__GOAL OF THE EXERCISE__
Exactly the lines starting at the line containing "2 * \sum_(j" and ending at the line containing "suff : ((2 *" are to be written out from the listing below, both included.

[Opening DATA FOR THE TASK section]

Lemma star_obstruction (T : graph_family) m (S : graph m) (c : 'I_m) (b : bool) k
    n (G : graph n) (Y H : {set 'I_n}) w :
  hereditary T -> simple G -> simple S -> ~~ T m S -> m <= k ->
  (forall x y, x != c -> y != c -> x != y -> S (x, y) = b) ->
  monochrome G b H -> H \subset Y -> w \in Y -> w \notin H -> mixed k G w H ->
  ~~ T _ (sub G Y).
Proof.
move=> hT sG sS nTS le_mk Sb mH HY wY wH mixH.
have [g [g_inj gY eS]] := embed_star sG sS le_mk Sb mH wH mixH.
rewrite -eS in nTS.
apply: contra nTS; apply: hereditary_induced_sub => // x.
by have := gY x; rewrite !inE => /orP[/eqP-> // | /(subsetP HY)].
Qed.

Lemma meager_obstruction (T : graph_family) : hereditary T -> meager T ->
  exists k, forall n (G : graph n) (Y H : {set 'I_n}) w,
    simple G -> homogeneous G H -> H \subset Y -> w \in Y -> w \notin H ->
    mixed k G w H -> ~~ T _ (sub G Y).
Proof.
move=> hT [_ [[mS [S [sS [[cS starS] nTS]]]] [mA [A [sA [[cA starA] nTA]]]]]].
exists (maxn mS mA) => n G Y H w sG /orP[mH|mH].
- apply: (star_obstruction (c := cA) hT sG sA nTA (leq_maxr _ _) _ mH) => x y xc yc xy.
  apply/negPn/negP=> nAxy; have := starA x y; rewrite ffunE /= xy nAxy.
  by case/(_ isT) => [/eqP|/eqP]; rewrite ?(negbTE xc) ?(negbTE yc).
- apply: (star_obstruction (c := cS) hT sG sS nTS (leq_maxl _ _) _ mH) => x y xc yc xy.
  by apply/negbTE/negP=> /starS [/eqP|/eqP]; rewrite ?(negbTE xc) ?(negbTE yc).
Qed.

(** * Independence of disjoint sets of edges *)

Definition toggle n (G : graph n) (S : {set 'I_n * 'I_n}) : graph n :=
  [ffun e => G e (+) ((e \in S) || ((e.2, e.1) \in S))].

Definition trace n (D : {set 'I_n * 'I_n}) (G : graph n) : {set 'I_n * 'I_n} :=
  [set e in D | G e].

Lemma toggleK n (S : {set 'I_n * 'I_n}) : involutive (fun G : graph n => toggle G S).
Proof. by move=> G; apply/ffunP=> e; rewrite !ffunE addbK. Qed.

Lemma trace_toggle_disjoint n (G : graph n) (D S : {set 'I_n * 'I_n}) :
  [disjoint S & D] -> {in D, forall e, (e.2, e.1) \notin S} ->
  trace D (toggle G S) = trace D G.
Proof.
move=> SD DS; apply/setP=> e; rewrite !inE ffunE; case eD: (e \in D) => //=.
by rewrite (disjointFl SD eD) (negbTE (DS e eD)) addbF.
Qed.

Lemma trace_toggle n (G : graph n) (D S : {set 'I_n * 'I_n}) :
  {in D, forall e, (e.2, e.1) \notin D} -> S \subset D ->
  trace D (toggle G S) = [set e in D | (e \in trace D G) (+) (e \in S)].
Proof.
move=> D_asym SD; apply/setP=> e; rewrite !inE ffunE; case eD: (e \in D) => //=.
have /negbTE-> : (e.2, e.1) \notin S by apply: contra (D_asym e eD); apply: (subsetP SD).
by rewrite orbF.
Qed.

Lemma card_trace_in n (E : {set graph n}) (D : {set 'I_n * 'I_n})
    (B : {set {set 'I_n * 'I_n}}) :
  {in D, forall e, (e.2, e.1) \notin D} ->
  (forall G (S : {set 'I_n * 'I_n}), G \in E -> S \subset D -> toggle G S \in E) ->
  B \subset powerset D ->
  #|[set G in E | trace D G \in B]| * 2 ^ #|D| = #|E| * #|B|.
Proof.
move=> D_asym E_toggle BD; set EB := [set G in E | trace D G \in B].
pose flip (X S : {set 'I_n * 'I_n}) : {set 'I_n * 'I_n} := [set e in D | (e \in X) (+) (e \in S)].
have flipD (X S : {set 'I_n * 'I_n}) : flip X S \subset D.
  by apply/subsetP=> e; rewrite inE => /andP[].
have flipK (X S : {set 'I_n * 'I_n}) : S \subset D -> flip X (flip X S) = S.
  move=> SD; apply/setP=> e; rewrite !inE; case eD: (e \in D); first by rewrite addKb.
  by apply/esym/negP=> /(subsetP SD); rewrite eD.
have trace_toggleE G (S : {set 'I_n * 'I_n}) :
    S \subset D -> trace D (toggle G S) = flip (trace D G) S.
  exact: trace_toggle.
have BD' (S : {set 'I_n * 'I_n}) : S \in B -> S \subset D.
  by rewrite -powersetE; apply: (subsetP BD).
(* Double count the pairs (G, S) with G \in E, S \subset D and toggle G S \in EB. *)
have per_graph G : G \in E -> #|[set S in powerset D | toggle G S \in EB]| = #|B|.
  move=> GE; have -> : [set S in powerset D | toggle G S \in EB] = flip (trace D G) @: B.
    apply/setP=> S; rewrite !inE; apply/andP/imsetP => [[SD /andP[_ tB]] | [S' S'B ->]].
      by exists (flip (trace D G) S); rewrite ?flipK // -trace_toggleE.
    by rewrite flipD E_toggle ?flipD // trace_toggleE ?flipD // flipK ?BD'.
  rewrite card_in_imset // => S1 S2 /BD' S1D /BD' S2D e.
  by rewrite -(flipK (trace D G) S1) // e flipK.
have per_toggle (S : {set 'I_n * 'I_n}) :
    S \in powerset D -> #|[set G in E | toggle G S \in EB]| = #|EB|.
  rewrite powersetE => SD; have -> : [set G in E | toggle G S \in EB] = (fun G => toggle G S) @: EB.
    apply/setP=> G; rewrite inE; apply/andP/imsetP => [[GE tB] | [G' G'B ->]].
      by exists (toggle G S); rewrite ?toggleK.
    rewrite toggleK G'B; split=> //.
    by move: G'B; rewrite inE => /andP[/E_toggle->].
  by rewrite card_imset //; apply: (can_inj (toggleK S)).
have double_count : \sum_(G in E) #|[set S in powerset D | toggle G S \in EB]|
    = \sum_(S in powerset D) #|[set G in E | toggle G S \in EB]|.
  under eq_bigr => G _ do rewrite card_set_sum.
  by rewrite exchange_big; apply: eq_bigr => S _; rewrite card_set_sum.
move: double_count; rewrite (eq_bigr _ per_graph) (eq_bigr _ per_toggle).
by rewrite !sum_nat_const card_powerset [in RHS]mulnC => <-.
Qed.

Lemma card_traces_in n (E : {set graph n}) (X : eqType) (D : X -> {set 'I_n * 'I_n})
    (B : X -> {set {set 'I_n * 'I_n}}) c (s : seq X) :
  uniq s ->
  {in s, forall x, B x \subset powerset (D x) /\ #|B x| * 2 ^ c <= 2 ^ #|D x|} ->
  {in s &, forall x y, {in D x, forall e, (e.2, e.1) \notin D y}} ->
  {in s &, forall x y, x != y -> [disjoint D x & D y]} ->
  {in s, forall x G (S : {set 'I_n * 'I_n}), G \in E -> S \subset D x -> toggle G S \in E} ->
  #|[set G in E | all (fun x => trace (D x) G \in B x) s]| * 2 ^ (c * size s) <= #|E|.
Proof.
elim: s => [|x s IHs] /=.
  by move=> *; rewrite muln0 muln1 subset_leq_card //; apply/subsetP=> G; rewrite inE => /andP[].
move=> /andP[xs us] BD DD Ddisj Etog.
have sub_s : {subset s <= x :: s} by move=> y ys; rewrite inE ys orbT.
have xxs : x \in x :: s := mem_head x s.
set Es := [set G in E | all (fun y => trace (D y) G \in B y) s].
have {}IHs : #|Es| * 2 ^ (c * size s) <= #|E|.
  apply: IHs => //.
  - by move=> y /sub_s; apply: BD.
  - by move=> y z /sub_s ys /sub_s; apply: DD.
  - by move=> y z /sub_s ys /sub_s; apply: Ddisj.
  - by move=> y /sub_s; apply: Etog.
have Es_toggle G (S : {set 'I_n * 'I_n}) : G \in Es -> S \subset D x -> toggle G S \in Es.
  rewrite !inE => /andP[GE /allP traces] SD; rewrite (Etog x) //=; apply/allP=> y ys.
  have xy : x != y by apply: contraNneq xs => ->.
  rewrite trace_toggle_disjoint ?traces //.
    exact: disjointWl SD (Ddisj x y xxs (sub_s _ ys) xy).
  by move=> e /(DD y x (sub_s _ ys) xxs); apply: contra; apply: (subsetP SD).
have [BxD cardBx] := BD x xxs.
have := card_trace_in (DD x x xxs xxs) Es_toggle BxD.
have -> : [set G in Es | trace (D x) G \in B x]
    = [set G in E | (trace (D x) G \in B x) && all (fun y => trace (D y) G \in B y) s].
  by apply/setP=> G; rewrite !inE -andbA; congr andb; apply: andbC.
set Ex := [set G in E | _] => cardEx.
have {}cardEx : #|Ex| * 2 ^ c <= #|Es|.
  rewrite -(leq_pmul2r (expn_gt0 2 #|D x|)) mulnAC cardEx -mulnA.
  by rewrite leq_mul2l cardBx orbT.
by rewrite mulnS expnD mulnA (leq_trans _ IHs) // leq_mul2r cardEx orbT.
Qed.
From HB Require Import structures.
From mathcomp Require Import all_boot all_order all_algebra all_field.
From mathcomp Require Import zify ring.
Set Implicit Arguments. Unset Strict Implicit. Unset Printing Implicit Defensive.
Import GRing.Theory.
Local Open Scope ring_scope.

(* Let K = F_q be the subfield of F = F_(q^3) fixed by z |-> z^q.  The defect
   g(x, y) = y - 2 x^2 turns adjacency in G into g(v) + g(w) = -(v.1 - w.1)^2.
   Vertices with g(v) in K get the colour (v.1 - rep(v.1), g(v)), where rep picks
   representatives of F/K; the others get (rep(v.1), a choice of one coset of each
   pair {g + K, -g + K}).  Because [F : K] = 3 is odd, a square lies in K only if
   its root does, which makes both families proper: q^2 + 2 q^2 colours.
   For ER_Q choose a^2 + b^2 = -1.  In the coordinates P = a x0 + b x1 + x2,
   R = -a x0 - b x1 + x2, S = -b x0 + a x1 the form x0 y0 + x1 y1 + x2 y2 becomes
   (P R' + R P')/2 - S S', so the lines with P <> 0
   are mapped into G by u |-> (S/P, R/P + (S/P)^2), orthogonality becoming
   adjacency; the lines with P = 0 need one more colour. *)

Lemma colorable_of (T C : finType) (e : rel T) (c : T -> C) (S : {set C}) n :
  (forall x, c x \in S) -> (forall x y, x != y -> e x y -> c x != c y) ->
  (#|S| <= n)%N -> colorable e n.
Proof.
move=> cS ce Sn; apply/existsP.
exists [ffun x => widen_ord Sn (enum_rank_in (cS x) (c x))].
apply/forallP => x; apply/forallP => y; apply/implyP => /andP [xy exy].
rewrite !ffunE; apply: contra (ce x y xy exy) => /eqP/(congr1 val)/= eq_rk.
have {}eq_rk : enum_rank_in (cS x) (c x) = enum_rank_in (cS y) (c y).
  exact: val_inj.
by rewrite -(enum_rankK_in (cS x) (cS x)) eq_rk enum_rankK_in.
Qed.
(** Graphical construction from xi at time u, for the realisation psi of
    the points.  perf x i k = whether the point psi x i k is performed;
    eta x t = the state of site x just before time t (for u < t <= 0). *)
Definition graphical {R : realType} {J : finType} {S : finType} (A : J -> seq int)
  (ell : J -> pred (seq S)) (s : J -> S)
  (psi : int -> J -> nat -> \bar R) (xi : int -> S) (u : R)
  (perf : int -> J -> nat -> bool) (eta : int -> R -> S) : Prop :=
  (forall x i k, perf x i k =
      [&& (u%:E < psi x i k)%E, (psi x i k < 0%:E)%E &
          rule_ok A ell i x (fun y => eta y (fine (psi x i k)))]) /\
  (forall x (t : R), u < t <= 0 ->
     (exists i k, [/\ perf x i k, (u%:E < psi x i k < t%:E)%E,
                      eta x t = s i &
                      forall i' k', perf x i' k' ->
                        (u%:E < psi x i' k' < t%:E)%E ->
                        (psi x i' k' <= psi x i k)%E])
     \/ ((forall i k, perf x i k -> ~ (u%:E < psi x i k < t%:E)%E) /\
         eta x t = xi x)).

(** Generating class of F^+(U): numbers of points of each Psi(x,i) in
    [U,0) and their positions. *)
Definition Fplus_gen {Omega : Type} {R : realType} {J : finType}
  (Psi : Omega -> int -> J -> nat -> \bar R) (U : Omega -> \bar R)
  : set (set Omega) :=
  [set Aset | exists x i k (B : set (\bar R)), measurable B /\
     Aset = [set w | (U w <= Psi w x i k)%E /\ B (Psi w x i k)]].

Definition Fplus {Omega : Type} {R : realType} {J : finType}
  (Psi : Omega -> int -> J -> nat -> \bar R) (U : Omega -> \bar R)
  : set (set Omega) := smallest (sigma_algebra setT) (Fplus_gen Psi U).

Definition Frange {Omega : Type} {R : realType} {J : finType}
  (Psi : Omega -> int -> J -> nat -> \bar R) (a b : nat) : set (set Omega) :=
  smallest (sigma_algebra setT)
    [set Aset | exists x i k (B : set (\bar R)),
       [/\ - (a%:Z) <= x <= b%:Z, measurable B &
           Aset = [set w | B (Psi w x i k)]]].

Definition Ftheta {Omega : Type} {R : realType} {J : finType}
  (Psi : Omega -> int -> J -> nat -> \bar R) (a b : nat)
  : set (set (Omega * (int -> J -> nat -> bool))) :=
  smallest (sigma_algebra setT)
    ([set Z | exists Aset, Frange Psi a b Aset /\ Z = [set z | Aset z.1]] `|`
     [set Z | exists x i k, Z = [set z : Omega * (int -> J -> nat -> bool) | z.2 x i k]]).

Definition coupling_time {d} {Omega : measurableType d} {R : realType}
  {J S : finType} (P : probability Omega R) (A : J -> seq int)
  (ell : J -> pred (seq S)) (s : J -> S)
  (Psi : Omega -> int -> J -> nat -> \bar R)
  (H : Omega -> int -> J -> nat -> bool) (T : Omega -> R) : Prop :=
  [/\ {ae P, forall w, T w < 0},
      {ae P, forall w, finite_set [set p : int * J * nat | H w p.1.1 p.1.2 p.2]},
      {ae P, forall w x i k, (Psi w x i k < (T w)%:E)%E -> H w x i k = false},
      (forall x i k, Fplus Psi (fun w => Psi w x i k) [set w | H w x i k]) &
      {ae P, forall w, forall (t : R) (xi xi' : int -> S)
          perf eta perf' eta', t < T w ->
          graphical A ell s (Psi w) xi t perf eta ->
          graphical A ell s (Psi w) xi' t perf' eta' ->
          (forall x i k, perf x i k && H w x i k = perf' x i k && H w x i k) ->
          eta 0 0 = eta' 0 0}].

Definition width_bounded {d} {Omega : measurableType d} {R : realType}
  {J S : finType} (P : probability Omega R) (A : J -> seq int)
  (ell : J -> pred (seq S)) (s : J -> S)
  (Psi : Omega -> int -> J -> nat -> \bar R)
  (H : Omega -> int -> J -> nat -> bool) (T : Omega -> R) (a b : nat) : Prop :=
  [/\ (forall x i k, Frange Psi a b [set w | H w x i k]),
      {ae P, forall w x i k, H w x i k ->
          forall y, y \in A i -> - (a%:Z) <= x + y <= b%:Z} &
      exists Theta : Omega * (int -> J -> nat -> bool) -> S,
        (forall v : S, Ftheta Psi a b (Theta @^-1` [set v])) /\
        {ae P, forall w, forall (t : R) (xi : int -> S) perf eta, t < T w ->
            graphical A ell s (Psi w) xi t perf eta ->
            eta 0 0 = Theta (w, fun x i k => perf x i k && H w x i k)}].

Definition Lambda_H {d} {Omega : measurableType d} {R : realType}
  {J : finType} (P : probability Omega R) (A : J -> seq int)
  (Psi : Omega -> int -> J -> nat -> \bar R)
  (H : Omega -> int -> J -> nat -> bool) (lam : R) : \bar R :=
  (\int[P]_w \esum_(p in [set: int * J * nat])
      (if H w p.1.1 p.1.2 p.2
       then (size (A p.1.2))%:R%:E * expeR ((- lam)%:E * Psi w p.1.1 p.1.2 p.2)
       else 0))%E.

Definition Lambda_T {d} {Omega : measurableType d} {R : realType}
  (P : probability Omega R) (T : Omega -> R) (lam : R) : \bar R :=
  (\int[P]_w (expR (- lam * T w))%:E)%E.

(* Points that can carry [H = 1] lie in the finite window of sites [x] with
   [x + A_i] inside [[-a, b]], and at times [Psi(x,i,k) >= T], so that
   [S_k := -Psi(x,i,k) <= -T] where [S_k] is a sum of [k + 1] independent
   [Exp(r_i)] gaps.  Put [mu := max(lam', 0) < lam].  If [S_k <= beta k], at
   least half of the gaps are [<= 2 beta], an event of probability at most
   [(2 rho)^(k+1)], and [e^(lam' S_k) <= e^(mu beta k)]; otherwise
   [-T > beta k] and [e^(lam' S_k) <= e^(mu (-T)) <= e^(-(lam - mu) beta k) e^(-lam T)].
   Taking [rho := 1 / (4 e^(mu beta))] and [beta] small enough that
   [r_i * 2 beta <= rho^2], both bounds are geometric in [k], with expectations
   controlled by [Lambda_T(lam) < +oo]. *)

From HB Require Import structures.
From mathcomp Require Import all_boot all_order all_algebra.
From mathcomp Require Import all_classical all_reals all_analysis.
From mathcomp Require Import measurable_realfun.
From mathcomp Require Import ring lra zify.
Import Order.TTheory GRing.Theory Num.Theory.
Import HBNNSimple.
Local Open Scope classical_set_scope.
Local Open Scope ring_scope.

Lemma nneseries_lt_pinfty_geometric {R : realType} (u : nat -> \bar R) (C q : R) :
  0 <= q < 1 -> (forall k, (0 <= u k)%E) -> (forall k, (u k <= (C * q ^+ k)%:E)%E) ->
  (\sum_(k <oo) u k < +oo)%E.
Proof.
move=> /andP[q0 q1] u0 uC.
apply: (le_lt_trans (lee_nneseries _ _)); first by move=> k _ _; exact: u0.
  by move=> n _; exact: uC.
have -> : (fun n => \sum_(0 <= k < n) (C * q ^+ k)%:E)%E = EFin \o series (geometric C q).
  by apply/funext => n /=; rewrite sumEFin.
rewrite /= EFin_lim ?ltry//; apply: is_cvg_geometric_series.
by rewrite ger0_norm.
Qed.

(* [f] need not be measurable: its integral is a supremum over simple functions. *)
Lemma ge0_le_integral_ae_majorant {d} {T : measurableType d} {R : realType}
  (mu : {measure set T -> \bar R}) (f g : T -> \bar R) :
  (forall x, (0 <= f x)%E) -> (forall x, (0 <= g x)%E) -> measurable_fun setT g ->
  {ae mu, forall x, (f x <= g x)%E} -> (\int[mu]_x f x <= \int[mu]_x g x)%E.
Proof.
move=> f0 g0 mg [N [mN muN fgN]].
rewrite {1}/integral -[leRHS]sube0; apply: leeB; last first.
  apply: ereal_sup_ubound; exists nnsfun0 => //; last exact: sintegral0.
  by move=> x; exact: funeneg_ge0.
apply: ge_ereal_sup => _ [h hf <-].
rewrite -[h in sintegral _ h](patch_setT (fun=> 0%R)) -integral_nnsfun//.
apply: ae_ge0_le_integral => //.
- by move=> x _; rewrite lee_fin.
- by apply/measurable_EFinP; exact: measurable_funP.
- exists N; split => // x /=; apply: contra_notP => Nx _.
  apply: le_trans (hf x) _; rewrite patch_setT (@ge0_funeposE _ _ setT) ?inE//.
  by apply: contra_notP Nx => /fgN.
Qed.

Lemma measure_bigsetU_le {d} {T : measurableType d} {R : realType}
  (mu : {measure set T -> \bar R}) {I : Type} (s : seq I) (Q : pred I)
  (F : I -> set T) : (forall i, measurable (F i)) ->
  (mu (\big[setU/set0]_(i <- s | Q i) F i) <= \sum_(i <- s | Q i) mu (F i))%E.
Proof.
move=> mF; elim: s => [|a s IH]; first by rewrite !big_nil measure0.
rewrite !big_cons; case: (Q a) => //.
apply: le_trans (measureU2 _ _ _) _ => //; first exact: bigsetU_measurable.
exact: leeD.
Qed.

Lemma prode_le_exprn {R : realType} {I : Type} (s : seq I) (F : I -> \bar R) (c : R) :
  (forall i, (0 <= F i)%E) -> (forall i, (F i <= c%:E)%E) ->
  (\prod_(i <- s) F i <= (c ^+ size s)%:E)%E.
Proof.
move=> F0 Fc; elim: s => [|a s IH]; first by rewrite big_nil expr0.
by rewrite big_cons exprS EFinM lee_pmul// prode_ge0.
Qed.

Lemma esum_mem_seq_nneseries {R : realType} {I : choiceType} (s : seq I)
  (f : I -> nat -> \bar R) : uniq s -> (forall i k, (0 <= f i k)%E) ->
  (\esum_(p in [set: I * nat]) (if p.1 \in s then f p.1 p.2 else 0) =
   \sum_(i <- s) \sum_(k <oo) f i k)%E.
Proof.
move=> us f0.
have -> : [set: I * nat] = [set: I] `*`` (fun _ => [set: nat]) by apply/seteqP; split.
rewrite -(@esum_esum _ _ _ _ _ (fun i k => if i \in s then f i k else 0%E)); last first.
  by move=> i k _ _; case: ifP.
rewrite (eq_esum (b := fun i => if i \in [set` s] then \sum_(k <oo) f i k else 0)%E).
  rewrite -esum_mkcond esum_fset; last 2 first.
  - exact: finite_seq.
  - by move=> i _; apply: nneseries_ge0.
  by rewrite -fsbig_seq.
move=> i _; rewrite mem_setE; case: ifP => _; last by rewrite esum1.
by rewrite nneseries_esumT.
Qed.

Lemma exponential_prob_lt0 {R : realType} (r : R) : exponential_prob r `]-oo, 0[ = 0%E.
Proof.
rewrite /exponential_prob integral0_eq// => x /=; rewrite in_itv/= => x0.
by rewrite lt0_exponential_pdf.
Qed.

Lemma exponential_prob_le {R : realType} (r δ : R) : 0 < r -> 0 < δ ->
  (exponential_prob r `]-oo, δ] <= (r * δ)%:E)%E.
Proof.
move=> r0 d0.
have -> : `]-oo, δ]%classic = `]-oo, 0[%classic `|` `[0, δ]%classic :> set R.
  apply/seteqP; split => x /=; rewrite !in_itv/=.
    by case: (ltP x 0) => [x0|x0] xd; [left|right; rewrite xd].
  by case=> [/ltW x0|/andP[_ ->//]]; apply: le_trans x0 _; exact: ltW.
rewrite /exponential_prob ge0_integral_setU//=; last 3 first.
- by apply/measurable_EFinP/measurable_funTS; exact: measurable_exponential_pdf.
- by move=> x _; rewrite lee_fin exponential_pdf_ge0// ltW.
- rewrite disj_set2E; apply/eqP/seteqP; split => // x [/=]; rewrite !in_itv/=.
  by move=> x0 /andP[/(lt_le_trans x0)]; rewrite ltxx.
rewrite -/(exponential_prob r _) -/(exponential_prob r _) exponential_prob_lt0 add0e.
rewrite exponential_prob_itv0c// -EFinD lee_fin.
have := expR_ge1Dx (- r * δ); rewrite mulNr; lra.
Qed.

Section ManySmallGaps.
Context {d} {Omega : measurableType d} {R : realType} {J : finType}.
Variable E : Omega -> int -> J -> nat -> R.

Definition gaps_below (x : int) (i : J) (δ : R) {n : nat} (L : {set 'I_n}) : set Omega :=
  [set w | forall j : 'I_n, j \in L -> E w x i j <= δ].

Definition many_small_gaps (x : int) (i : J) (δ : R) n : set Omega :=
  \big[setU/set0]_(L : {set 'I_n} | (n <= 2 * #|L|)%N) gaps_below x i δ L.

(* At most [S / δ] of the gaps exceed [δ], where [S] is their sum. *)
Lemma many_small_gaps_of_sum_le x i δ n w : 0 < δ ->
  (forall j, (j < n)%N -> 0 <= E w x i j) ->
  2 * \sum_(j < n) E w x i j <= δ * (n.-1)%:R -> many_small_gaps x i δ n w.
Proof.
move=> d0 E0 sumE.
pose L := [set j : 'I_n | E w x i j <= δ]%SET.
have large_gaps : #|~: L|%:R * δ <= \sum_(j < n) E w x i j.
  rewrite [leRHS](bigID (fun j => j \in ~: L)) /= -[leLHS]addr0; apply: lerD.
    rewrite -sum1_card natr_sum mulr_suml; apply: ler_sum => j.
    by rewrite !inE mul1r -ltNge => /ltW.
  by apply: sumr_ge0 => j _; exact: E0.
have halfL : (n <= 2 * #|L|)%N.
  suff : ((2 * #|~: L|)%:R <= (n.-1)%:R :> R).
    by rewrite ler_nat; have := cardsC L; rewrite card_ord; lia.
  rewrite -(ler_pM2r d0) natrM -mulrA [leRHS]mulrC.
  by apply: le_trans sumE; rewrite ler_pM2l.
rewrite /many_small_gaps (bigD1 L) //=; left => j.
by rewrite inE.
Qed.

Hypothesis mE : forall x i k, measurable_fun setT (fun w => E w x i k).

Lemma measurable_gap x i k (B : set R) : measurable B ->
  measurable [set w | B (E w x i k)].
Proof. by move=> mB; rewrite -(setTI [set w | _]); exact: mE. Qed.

[Closing DATA FOR THE TASK section]

__RESULT FOR THIS TASK__
  2 * \sum_(j < n) E w x i j <= δ * (n.-1)%:R -> many_small_gaps x i δ n w.
Proof.
move=> d0 E0 sumE.
pose L := [set j : 'I_n | E w x i j <= δ]%SET.
have large_gaps : #|~: L|%:R * δ <= \sum_(j < n) E w x i j.
  rewrite [leRHS](bigID (fun j => j \in ~: L)) /= -[leLHS]addr0; apply: lerD.
    rewrite -sum1_card natr_sum mulr_suml; apply: ler_sum => j.
    by rewrite !inE mul1r -ltNge => /ltW.
  by apply: sumr_ge0 => j _; exact: E0.
have halfL : (n <= 2 * #|L|)%N.
  suff : ((2 * #|~: L|)%:R <= (n.-1)%:R :> R).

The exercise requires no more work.